Doktorieren mit Stiftungsgeldern
"Es wäre schön, wenn sich die Finanzierungsfrage generell und klar beantworten liesse", findet Agnes Hess vom Ressort Nachwuchsförderung der Universität Basel. Die fakultären Unterschiede seien aber nach wie vor sehr gross. So sind Dissertationsstellen in den Geistes- und Sozialwissenschaften eher rar. Vor allem in diesen Disziplinen bleiben Doktorierende daher oft auf die Unterstützung der Eltern angewiesen oder finanzieren sich über diverse Nebenjobs.
Eine Alternative bieten Stiftungen und andere Institutionen, die persönliche Stipendien vergeben. Allerdings mit einem Haken: Bei der Finanzierung über Stipendien werden weder Sozialleistungen noch Beiträge für eine Unfallversicherung bezahlt. Licht in den Dschungel der Stiftungen bringt das Verzeichnis der Eidgenössischen Stiftungsaufsicht. Über lokale Fördereinrichtungen informiert man sich am besten direkt bei den Beratungsstellen der Hochschulen. Auch der SNF vergibt Stipendien an Doktorierende, allerdings nur für ein Jahr und gebunden an einen Auslandsaufenthalt.

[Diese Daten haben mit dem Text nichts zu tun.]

(* Let $\mathbf A$ be regular of bandwidth $(p,q)$ and let $L\le R$ be finite integers with $R-L\ge\tau$. Then $$\mathcal M_{L,R}=\operatorname{Span}\big(\mathbf P_{L,R}\mathcal M_{-\infty,R}\cup\mathbf P_{L,R}\mathcal M_{L,\infty}\big).$$
   Context: Fix $d\ge1$. $\mathcal V^S_d$: doubly infinite sequences $\Psi=\{\psi_j\}_{j\in\mathbb Z}$, $\psi_j\in\mathbb C^d$. A matrix Laurent polynomial of bandwidth $(p,q)$ is $\sum_{r=p}^qa_rw^r$, integers $p\le q$, $a_r$ complex $d\times d$, $a_p\ne0\ne a_q$; its BBL transformation is $(\mathbf A\Psi)_j=\sum_ra_r\psi_{j+r}$. $\mathbf A$ is regular if $\det(w^{-p}A(w,w^{-1}))$ is not the zero polynomial. $p'=\min(p,0)$, $q'=\max(0,q)$, $\tau=q'-p'$. For $-\infty\le L\le R\le\infty$: $\mathcal V_{L,R}$ = sequences with $\psi_j=0$ for $j\notin[L,R]$; $\mathbf P_{L,R}$ = projection onto $\mathcal V_{L,R}$ zeroing entries outside $[L,R]$; bulk solution space $\mathcal M_{L,R}=\ker(\mathbf P_{L-p',R-q'}\mathbf A|_{\mathcal V_{L,R}})$ (infinite endpoints stay infinite). *)

(* Complex numbers are modelled by an arbitrary
   numClosedFieldType C. *)
From HB Require Import structures.
From Stdlib Require Lists.List.
From mathcomp Require Import all_boot all_order all_algebra.
Set Implicit Arguments. Unset Strict Implicit. Unset Printing Implicit Defensive.
Import Order.TTheory GRing.Theory Num.Theory.
Local Open Scope ring_scope.

Definition dseq (C : numClosedFieldType) (d : nat) := int -> 'cV[C]_d.

Definition bandwidth (C : numClosedFieldType) (d : nat)
    (a : int -> 'M[C]_d) (p q : int) : Prop :=
  p <= q /\ a p != 0 /\ a q != 0 /\ (forall r : int, (r < p) || (q < r) -> a r = 0).

Definition BBL (C : numClosedFieldType) (d : nat)
    (a : int -> 'M[C]_d) (p q : int) (psi : dseq C d) : dseq C d :=
  fun j => \sum_(k < (absz (q - p)).+1) (a (p + k%:Z) *m psi (j + (p + k%:Z))).

(* w^{-p} A(w, w^{-1}) as a matrix of polynomials in w *)
Definition shifted_symbol (C : numClosedFieldType) (d : nat)
    (a : int -> 'M[C]_d) (p q : int) : 'M[{poly C}]_d :=
  \matrix_(i, j) \sum_(k < (absz (q - p)).+1) ((a (p + k%:Z)) i j)%:P * 'X^k.

Definition regular (C : numClosedFieldType) (d : nat)
    (a : int -> 'M[C]_d) (p q : int) : Prop :=
  \det (shifted_symbol a p q) != 0.

Definition pprime (p : int) : int := Num.min p 0.
Definition qprime (q : int) : int := Num.max 0 q.
Definition tau (p q : int) : int := qprime q - pprime p.

(* Extended endpoints: None on the left means -oo, None on the right means +oo *)
Definition in_rangeb (L R : option int) (j : int) : bool :=
  (if L is Some l then l <= j else true) && (if R is Some r then j <= r else true).

Definition inV (C : numClosedFieldType) (d : nat) (L R : option int)
    (psi : dseq C d) : Prop :=
  forall j, ~~ in_rangeb L R j -> psi j = 0.

Definition proj (C : numClosedFieldType) (d : nat) (L R : option int)
    (psi : dseq C d) : dseq C d :=
  fun j => if in_rangeb L R j then psi j else 0.

Definition shiftE (L : option int) (s : int) : option int := omap (fun l => l - s) L.

Definition bulk (C : numClosedFieldType) (d : nat)
    (a : int -> 'M[C]_d) (p q : int) (L R : option int) (psi : dseq C d) : Prop :=
  inV L R psi /\
  proj (shiftE L (pprime p)) (shiftE R (qprime q)) (BBL a p q psi) = (fun _ => 0).

Definition in_span (C : numClosedFieldType) (d : nat)
    (S : dseq C d -> Prop) (psi : dseq C d) : Prop :=
  exists s : seq (C * dseq C d),
    (forall x, Stdlib.Lists.List.In x s -> S x.2) /\
    psi = (fun j => \sum_(x <- s) x.1 *: x.2 j).

From Pilot Require Import Defs.
From HB Require Import structures.
From mathcomp Require Import all_boot all_order all_algebra.
From mathcomp Require Import zify.
From Stdlib Require Import FunctionalExtensionality ClassicalEpsilon.
Import Order.TTheory GRing.Theory Num.Theory.
Set Implicit Arguments. Unset Strict Implicit. Unset Printing Implicit Defensive.
Local Open Scope ring_scope.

Hier gibt es Geld für Bücher und Reisen
Die meisten Stiftungen finanzieren keine komplette Doktorarbeit, sondern leisten nur Teilbeiträge. Sie erstatten etwa Ausgaben für Fachbücher, Exkursionen oder Auslandsaufenthalte. Die Schweizerische Studienstiftung beispielsweise übernimmt bis zu 70 Prozent solcher Kosten. Ein Auslandssemester unterstützt sie mit maximal 6.000 Franken, längere Auslandsstudien mit maximal 10.000 Franken pro Jahr.
Schweizweit fördert die Studienstiftung zurzeit 93 Doktorierende. Sie profitieren vom selben Förderprogramm wie Studierende auf Bachelor- und Masterstufe. Bei der Beurteilung der Förderungswürdigkeit zählen sowohl die akademische Leistung als auch die Persönlichkeit, die in einem Assessment Center getestet wird. Trotz dieser Hürde lohnt sich eine Bewerbung: Die Erfolgsquoten seien hoch, heisst es bei der Schweizerischen Studienstiftung.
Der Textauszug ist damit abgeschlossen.